==== INPUT DATA ====

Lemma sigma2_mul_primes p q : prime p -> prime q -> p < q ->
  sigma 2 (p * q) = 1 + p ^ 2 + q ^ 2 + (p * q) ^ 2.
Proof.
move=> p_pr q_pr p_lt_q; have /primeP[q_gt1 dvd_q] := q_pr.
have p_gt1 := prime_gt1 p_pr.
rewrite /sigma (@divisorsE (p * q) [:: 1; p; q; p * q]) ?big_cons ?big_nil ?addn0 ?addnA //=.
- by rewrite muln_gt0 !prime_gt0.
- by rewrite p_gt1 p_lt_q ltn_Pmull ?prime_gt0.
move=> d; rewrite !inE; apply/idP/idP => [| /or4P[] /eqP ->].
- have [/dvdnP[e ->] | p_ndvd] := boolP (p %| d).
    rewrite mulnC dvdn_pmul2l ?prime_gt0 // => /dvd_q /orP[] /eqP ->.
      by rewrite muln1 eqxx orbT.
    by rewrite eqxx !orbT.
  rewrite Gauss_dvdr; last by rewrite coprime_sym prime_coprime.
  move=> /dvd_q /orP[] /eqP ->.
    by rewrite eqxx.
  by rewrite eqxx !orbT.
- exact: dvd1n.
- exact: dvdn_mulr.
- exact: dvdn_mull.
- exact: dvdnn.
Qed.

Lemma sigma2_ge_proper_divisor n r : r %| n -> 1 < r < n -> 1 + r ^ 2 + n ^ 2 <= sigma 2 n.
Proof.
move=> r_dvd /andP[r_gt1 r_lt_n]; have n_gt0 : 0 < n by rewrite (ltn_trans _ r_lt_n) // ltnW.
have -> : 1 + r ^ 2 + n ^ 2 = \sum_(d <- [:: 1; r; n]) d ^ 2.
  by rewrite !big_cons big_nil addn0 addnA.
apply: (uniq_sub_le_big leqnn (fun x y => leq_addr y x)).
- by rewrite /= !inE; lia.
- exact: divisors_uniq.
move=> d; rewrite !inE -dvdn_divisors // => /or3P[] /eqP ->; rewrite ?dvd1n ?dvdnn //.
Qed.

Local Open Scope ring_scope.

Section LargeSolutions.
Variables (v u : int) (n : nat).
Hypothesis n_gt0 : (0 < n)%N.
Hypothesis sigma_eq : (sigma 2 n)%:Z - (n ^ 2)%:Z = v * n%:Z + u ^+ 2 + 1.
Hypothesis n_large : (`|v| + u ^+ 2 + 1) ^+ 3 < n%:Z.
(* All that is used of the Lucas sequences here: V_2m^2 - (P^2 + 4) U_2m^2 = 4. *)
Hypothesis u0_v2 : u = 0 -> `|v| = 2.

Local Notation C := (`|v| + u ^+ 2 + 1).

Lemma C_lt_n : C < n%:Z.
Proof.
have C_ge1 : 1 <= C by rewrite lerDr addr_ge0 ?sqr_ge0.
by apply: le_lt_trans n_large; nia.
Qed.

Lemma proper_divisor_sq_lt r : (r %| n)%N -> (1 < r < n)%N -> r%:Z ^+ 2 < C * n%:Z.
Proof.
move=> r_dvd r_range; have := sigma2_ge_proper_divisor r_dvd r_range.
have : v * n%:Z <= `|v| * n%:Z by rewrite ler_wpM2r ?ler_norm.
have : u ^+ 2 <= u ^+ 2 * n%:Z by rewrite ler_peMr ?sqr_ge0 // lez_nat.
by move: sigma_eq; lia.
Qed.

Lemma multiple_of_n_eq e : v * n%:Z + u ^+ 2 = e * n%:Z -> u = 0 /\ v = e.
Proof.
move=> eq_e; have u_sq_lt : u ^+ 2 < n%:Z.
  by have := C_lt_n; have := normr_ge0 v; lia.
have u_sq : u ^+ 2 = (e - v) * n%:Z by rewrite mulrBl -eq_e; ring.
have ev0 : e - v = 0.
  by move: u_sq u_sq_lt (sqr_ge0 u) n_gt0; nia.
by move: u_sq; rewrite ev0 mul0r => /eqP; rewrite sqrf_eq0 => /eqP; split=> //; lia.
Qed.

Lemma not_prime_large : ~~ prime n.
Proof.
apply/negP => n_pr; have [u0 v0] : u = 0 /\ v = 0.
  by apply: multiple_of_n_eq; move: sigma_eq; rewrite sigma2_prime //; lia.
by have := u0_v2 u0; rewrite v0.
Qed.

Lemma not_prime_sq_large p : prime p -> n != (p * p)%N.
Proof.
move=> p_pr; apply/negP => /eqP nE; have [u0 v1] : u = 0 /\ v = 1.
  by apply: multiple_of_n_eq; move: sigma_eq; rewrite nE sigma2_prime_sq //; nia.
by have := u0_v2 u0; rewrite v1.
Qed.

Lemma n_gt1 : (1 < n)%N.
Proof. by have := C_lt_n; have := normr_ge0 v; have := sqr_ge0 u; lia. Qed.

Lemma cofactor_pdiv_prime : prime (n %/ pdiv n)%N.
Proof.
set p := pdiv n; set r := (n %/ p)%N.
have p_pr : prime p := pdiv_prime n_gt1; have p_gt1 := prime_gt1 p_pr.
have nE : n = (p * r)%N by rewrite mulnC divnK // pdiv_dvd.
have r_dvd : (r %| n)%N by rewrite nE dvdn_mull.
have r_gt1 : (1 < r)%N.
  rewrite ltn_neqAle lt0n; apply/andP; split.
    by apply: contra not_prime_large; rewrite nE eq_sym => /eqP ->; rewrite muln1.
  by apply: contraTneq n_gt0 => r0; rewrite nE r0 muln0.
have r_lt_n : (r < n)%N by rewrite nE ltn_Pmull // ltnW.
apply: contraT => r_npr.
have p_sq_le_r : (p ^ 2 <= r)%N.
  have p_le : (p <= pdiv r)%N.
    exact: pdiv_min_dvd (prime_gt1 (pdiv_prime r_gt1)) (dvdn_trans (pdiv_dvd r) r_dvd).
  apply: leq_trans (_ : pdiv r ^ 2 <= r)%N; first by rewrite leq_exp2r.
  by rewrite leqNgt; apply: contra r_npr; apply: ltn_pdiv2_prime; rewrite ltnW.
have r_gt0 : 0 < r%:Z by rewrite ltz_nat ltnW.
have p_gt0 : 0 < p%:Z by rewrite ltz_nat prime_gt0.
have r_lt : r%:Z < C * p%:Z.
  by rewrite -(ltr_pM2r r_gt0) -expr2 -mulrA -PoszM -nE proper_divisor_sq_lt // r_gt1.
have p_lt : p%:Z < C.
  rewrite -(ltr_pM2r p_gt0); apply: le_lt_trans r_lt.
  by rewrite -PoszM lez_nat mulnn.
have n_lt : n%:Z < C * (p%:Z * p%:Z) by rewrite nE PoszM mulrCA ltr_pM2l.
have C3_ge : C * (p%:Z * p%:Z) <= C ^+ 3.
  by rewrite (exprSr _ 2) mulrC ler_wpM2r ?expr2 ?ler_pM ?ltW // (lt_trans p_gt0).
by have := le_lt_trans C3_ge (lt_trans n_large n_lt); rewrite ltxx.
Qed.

====

### ASSIGNMENT
Each record above should be retyped in full, exactly as shown.

### SOLUTION TO THIS PROBLEM
Lemma sigma2_mul_primes p q : prime p -> prime q -> p < q ->
  sigma 2 (p * q) = 1 + p ^ 2 + q ^ 2 + (p * q) ^ 2.
Proof.
move=> p_pr q_pr p_lt_q; have /primeP[q_gt1 dvd_q] := q_pr.
have p_gt1 := prime_gt1 p_pr.
rewrite /sigma (@divisorsE (p * q) [:: 1; p; q; p * q]) ?big_cons ?big_nil ?addn0 ?addnA //=.
- by rewrite muln_gt0 !prime_gt0.
- by rewrite p_gt1 p_lt_q ltn_Pmull ?prime_gt0.
move=> d; rewrite !inE; apply/idP/idP => [| /or4P[] /eqP ->].
- have [/dvdnP[e ->] | p_ndvd] := boolP (p %| d).
    rewrite mulnC dvdn_pmul2l ?prime_gt0 // => /dvd_q /orP[] /eqP ->.
      by rewrite muln1 eqxx orbT.
    by rewrite eqxx !orbT.
  rewrite Gauss_dvdr; last by rewrite coprime_sym prime_coprime.
  move=> /dvd_q /orP[] /eqP ->.
    by rewrite eqxx.
  by rewrite eqxx !orbT.
- exact: dvd1n.
- exact: dvdn_mulr.
- exact: dvdn_mull.
- exact: dvdnn.
Qed.

Lemma sigma2_ge_proper_divisor n r : r %| n -> 1 < r < n -> 1 + r ^ 2 + n ^ 2 <= sigma 2 n.
Proof.
move=> r_dvd /andP[r_gt1 r_lt_n]; have n_gt0 : 0 < n by rewrite (ltn_trans _ r_lt_n) // ltnW.
have -> : 1 + r ^ 2 + n ^ 2 = \sum_(d <- [:: 1; r; n]) d ^ 2.
  by rewrite !big_cons big_nil addn0 addnA.
apply: (uniq_sub_le_big leqnn (fun x y => leq_addr y x)).
- by rewrite /= !inE; lia.
- exact: divisors_uniq.
move=> d; rewrite !inE -dvdn_divisors // => /or3P[] /eqP ->; rewrite ?dvd1n ?dvdnn //.
Qed.

Local Open Scope ring_scope.

Section LargeSolutions.
Variables (v u : int) (n : nat).
Hypothesis n_gt0 : (0 < n)%N.
Hypothesis sigma_eq : (sigma 2 n)%:Z - (n ^ 2)%:Z = v * n%:Z + u ^+ 2 + 1.
Hypothesis n_large : (`|v| + u ^+ 2 + 1) ^+ 3 < n%:Z.
(* All that is used of the Lucas sequences here: V_2m^2 - (P^2 + 4) U_2m^2 = 4. *)
Hypothesis u0_v2 : u = 0 -> `|v| = 2.

Local Notation C := (`|v| + u ^+ 2 + 1).

Lemma C_lt_n : C < n%:Z.
Proof.
have C_ge1 : 1 <= C by rewrite lerDr addr_ge0 ?sqr_ge0.
by apply: le_lt_trans n_large; nia.
Qed.

Lemma proper_divisor_sq_lt r : (r %| n)%N -> (1 < r < n)%N -> r%:Z ^+ 2 < C * n%:Z.
Proof.
move=> r_dvd r_range; have := sigma2_ge_proper_divisor r_dvd r_range.
have : v * n%:Z <= `|v| * n%:Z by rewrite ler_wpM2r ?ler_norm.
have : u ^+ 2 <= u ^+ 2 * n%:Z by rewrite ler_peMr ?sqr_ge0 // lez_nat.
by move: sigma_eq; lia.
Qed.

Lemma multiple_of_n_eq e : v * n%:Z + u ^+ 2 = e * n%:Z -> u = 0 /\ v = e.
Proof.
move=> eq_e; have u_sq_lt : u ^+ 2 < n%:Z.
  by have := C_lt_n; have := normr_ge0 v; lia.
have u_sq : u ^+ 2 = (e - v) * n%:Z by rewrite mulrBl -eq_e; ring.
have ev0 : e - v = 0.
  by move: u_sq u_sq_lt (sqr_ge0 u) n_gt0; nia.
by move: u_sq; rewrite ev0 mul0r => /eqP; rewrite sqrf_eq0 => /eqP; split=> //; lia.
Qed.

Lemma not_prime_large : ~~ prime n.
Proof.
apply/negP => n_pr; have [u0 v0] : u = 0 /\ v = 0.
  by apply: multiple_of_n_eq; move: sigma_eq; rewrite sigma2_prime //; lia.
by have := u0_v2 u0; rewrite v0.
Qed.

Lemma not_prime_sq_large p : prime p -> n != (p * p)%N.
Proof.
move=> p_pr; apply/negP => /eqP nE; have [u0 v1] : u = 0 /\ v = 1.
  by apply: multiple_of_n_eq; move: sigma_eq; rewrite nE sigma2_prime_sq //; nia.
by have := u0_v2 u0; rewrite v1.
Qed.

Lemma n_gt1 : (1 < n)%N.
Proof. by have := C_lt_n; have := normr_ge0 v; have := sqr_ge0 u; lia. Qed.

Lemma cofactor_pdiv_prime : prime (n %/ pdiv n)%N.
Proof.
set p := pdiv n; set r := (n %/ p)%N.
have p_pr : prime p := pdiv_prime n_gt1; have p_gt1 := prime_gt1 p_pr.
have nE : n = (p * r)%N by rewrite mulnC divnK // pdiv_dvd.
have r_dvd : (r %| n)%N by rewrite nE dvdn_mull.
have r_gt1 : (1 < r)%N.
  rewrite ltn_neqAle lt0n; apply/andP; split.
    by apply: contra not_prime_large; rewrite nE eq_sym => /eqP ->; rewrite muln1.
  by apply: contraTneq n_gt0 => r0; rewrite nE r0 muln0.
have r_lt_n : (r < n)%N by rewrite nE ltn_Pmull // ltnW.
apply: contraT => r_npr.
have p_sq_le_r : (p ^ 2 <= r)%N.
  have p_le : (p <= pdiv r)%N.
    exact: pdiv_min_dvd (prime_gt1 (pdiv_prime r_gt1)) (dvdn_trans (pdiv_dvd r) r_dvd).
  apply: leq_trans (_ : pdiv r ^ 2 <= r)%N; first by rewrite leq_exp2r.
  by rewrite leqNgt; apply: contra r_npr; apply: ltn_pdiv2_prime; rewrite ltnW.
have r_gt0 : 0 < r%:Z by rewrite ltz_nat ltnW.
have p_gt0 : 0 < p%:Z by rewrite ltz_nat prime_gt0.
have r_lt : r%:Z < C * p%:Z.
  by rewrite -(ltr_pM2r r_gt0) -expr2 -mulrA -PoszM -nE proper_divisor_sq_lt // r_gt1.
have p_lt : p%:Z < C.
  rewrite -(ltr_pM2r p_gt0); apply: le_lt_trans r_lt.
  by rewrite -PoszM lez_nat mulnn.
have n_lt : n%:Z < C * (p%:Z * p%:Z) by rewrite nE PoszM mulrCA ltr_pM2l.
have C3_ge : C * (p%:Z * p%:Z) <= C ^+ 3.
  by rewrite (exprSr _ 2) mulrC ler_wpM2r ?expr2 ?ler_pM ?ltW // (lt_trans p_gt0).
by have := le_lt_trans C3_ge (lt_trans n_large n_lt); rewrite ltxx.
Qed.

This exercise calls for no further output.